A team including researchers from Seattle’s Benaroya Research Institute at Virginia Mason has identified a new pathway for protecting cells from deadly viruses — including the coronavirus that causes COVID-19 as well as the Ebola virus.
The technique, described in this week’s issue of the journal Science, takes advantage of a screening technique for seeking out new genes that can prevent infection.
In the newly published study, the research team pinpoints two genes that have already been the subject of biomedical studies. One gene is called the MHC class II transactivator, or CIITA. The second gene is known as CD74 — specifically, a variant known as p41.
Those genes have previously been thought to be involved in conventional immune responses involving T cells and B cells. The new findings, resulting from a screening technique called transposon-mediated gene activation, shed light on a different way in which the genes block infection.
The researchers found that CIITA can induce resistance in human cell lines by activating CD74 p41, which in turn disrupts the processing of proteins on the coat of the Ebola virus protein. That stops the virus from being able to infect its target cell. The same process blocks the entry pathway for an assortment of coronaviruses — including the SARS-CoV-2 virus that’s behind the current pandemic.
“Uncovering these new cellular protection pathways is incredibly important for understanding how we disrupt or change the virus infection cycle to elicit better protection against viruses like Ebola or SARS-CoV-2.” senior study author Adam Lacy-Hulbert, principal investigator at the Benaroya Research Institute, said in a news release. “And our new strategy helps us find mechanisms that have eluded conventional genetic screens.”
The strategy could lead to new therapies that work by blocking the activity of cathepsin proteases. “Many viruses, including coronaviruses, use cathepsin proteases to help them infect cells. … Thus, this antiviral mechanism has evolved to work against many different viruses,” said Case Western Reserve University’s Anna Bruchez, the study’s lead author.

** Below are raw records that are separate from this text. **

(* A set [Y] leaving the universe has fewer than [k] vertices inside it; a set
   inside the universe is avoided by [pick (trace Y)]. *)
Lemma unseparated_extended_edges k : unseparated (edge_rel E0) k A B ->
  unseparated adj (S k) A B -> unseparated (edge_rel extended_edges) (S k) A B.
Proof.
  intros H0 H Y L.
  destruct (decide (exists y, In y Y /\ ~ In y universe)) as [[y [Hy NU]]|Nex].
  - destruct (H0 (trace Y)) as [w [Hw Aw]]; [pose proof (length_trace Y y Hy NU); lia|].
    exists w. split.
    + apply AB_walk_mono with (edge_rel E0); auto.
      intros u v [Q|Q]; [left|right]; apply in_or_app; auto.
    + intros v Hv HvY. apply (Aw v Hv), in_trace. split; auto.
      apply (AB_walk_E0_in_universe w Hw); auto.
  - assert (Htrace : forall v, In v Y -> In v (trace Y)).
    { intros v Hv. apply in_trace. split; auto. apply NNPP. intros NV. apply Nex; eauto. }
    destruct (pick_spec (trace Y)) as [_ [HZ1 HZ2]].
    { apply H. enough (length (trace Y) <= length Y) by lia.
      apply NoDup_incl_length; [apply NoDup_filter, NoDup_nodup|].
      intros u Hu. apply in_trace in Hu as [_ Hu]. auto. }
    exists (pick (trace Y)). split.
    + destruct HZ1 as [W X]. split; auto.
      destruct (walk_edges _ _ W) as [W' _]. eapply walk_mono; [|exact W'].
      intros u v [Q|Q]; [left|right]; apply in_or_app; right;
        apply in_flat_map; exists (trace Y); split; auto; apply filter_in_sublists.
    + intros v Hv HvY. apply (HZ2 v Hv), Htrace; auto.
Qed.

End Finite_reduction.

Lemma unseparated_finite_edges k A B : unseparated adj k A B ->
  exists E, (forall p, In p E -> adj (fst p) (snd p)) /\ unseparated (edge_rel E) k A B.
Proof.
  revert A B. induction k as [|k IH]; intros A B H.
  { exists []. split; [intros _ []|intros Y L; lia]. }
  destruct (IH A B) as [E0 [HE0 H0]]; [intros Y L; apply H; lia|].
  destruct (choice (fun Z w => (walk adj w \/ w = []) /\
     ((exists w', AB_walk adj A B w' /\ avoids w' Z) -> AB_walk adj A B w /\ avoids w Z)))
    as [pick Hpick].
  { intros Z. destruct (decide (exists w', AB_walk adj A B w' /\ avoids w' Z)) as [[w' Hw']|N].
    - exists w'. split; auto. left; apply Hw'.
    - exists []. split; auto. intro; contradiction. }
  exists (extended_edges A E0 pick). split.
  - apply (extended_edges_adj A B E0); auto.
  - apply (unseparated_extended_edges A B E0); auto.
Qed.
(* For integers $a_1,a_2,D$ with $D\neq0$, $\varepsilon>0$ and $z$ in the complex upper half-plane, set \[\sigma_\varepsilon(z;a_1,a_2,D)=\sum_{\substack{(m,n)\in\mathbf{Z}^2\\ a_1+Dm\neq0}}\frac{1}{(z(a_1+Dm)+a_2+Dn)^2\,|z(a_1+Dm)+a_2+Dn|^{2\varepsilon}}.\] Then $\lim_{\mathrm{Im}(z)\to\infty}\lim_{\varepsilon\to0^+}\sigma_\varepsilon(z;a_1,a_2,D)=0$. *)

From Stdlib Require Import Reals ZArith.
From Coquelicot Require Import Coquelicot.
Open Scope R_scope.

Definition lat_pt (z : C) (a1 a2 D m n : Z) : C :=
  Cplus (Cmult z (RtoC (IZR (a1 + D * m)))) (RtoC (IZR (a2 + D * n))).

Definition sigma_term (eps : R) (z : C) (a1 a2 D m n : Z) : C :=
  if Z.eq_dec (a1 + D * m) 0 then RtoC 0
  else let w := lat_pt z a1 a2 D m n in
       Cinv (Cmult (Cmult w w) (RtoC (Rpower (Cmod w) (2 * eps)))).

(* partial sum over the square -N <= m, n <= N *)
Definition sigma_partial (eps : R) (z : C) (a1 a2 D : Z) (N : nat) : C :=
  sum_n (fun i =>
    sum_n (fun j =>
      sigma_term eps z a1 a2 D (Z.of_nat i - Z.of_nat N)%Z
                                (Z.of_nat j - Z.of_nat N)%Z) (2 * N))
    (2 * N).

(* sigma_eps(z; a1, a2, D): sum over Z^2 (absolutely convergent for eps > 0),
   computed as the limit of the square partial sums, componentwise. *)
Definition sigma_eps (eps : R) (z : C) (a1 a2 D : Z) : C :=
  (real (Lim_seq (fun N => Re (sigma_partial eps z a1 a2 D N))),
   real (Lim_seq (fun N => Im (sigma_partial eps z a1 a2 D N)))).

Definition Im_to_infty : (C -> Prop) -> Prop :=
  fun P => exists M : R, forall z : C, M < Im z -> P z.

(* Write [w = t + i Y] with [Y = y (a1 + D m)] and [t = x (a1 + D m) + a2 + D n], and replace
   [D] by [|D|] using the symmetry [(m, n) -> (-m, -n)]. Up to the factor [1 / (1 + s)] (and,
   for the real part, the extra term [s |w|^(-2-2s)]), the real and imaginary parts of the
   summand are [t]-derivatives of explicit functions of size [O(|w|^(-1-2s))]. Along each row
   the derivative is replaced by the difference quotient over the step [D]: the quotients
   telescope to boundary terms that vanish as the square grows, and the Taylor defects are
   bounded, uniformly for [0 <= s <= 1], by a summable majorant of total size [O(1/y)].
   Dominated convergence gives the limit of the defect sums as [s -> 0+], while the mass term
   [s * sum |w|^(-2-2s)] tends to [pi / (D^2 y)], by comparing row sums with [arctan] and
   column sums with [u^(-2s)]. The inner limit is therefore [O(1/y)] as [Im z -> +oo]. *)

From Stdlib Require Import Reals ZArith Lra Lia.
From Coquelicot Require Import Coquelicot.
Open Scope R_scope.

(** * Symmetric sums over Z *)

Fixpoint zsum (N : nat) (f : Z -> R) : R :=
  match N with
  | O => f 0%Z
  | S k => zsum k f + f (Z.of_nat (S k)) + f (- Z.of_nat (S k))%Z
  end.

Lemma zsum_ext N f g :
  (forall k, (- Z.of_nat N <= k <= Z.of_nat N)%Z -> f k = g k) -> zsum N f = zsum N g.
Proof.
  induction N as [|N IH]; intros H; cbn [zsum].
  - apply H; lia.
  - rewrite IH by (intros; apply H; lia).
    rewrite (H (Z.of_nat (S N))), (H (- Z.of_nat (S N))%Z) by lia. reflexivity.
Qed.

Lemma zsum_add N f g : zsum N (fun k => f k + g k) = zsum N f + zsum N g.
Proof. induction N; simpl; try rewrite IHN; ring. Qed.

Lemma zsum_scal N a f : zsum N (fun k => a * f k) = a * zsum N f.
Proof. induction N; simpl; try rewrite IHN; ring. Qed.

Lemma zsum_sub N f g : zsum N (fun k => f k - g k) = zsum N f - zsum N g.
Proof. induction N; simpl; try rewrite IHN; ring. Qed.

Lemma zsum_const N c : zsum N (fun _ => c) = (2 * INR N + 1) * c.
Proof. induction N; cbn [zsum]; [simpl; ring | rewrite IHN, S_INR; ring]. Qed.

Lemma zsum0 N : zsum N (fun _ => 0) = 0.
Proof. rewrite zsum_const; ring. Qed.

Lemma zsum_le N f g :
  (forall k, (- Z.of_nat N <= k <= Z.of_nat N)%Z -> f k <= g k) -> zsum N f <= zsum N g.
Proof.
  induction N as [|N IH]; intros H; cbn [zsum].
  - apply H; lia.
  - assert (zsum N f <= zsum N g) by (apply IH; intros; apply H; lia).
    assert (f (Z.of_nat (S N)) <= g (Z.of_nat (S N))) by (apply H; lia).
    assert (f (- Z.of_nat (S N))%Z <= g (- Z.of_nat (S N))%Z) by (apply H; lia).
    lra.
Qed.

Lemma zsum_ge0 N f : (forall k, 0 <= f k) -> 0 <= zsum N f.
Proof. intros H. rewrite <- (zsum0 N). apply zsum_le. intros; apply H. Qed.

Lemma zsum_abs N f : Rabs (zsum N f) <= zsum N (fun k => Rabs (f k)).
Proof.
  induction N; cbn [zsum]; [lra|].
  eapply Rle_trans; [apply Rabs_triang|].
  eapply Rle_trans; [apply Rplus_le_compat_r, Rabs_triang | lra].
Qed.

Lemma zsum_mono N M f : (forall k, 0 <= f k) -> (N <= M)%nat -> zsum N f <= zsum M f.
Proof.
  intros H HNM. induction HNM as [|M _ IH]; [lra|].
  cbn [zsum]. pose proof (H (Z.of_nat (S M))). pose proof (H (- Z.of_nat (S M))%Z). lra.
Qed.

Lemma zsum_reflect N f : zsum N f = zsum N (fun k => f (- k)%Z).
Proof.
  induction N; cbn [zsum]; [reflexivity|].
  rewrite IHN, Z.opp_involutive. ring.
Qed.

Study co-author Lynda Stuart, deputy director for vaccines and human immunobiology at the Bill & Melinda Gates Foundation, said the new screening technique could fill gaps in scientists’ knowledge about the cellular mechanisms that block viral infections.
“We really need therapies that can block all viruses, including unknown future pathogens,” Stuart said. “To do that, we need to find common pathways that viruses target, and then develop approaches to block those vulnerabilities. Our work demonstrates one way in which cells can be modified to do this.”
In addition to Bruchez, Stuart and Lacy-Hulbert, the authors of the Science study, “MHC Class II Transactivator CIITA Induces Cell Resistance to Ebola Virus and SARS-like Coronaviruses,” include Ky Sha, Joshua Johnson, Li Chen, Caroline Stefani, Hannah McConnell, Lea Gaucherand, Rachel Prins, Kenneth Matreyek, Adam Hume, Elke Mühlberger, Emmett Schmidt and Gene Olinger.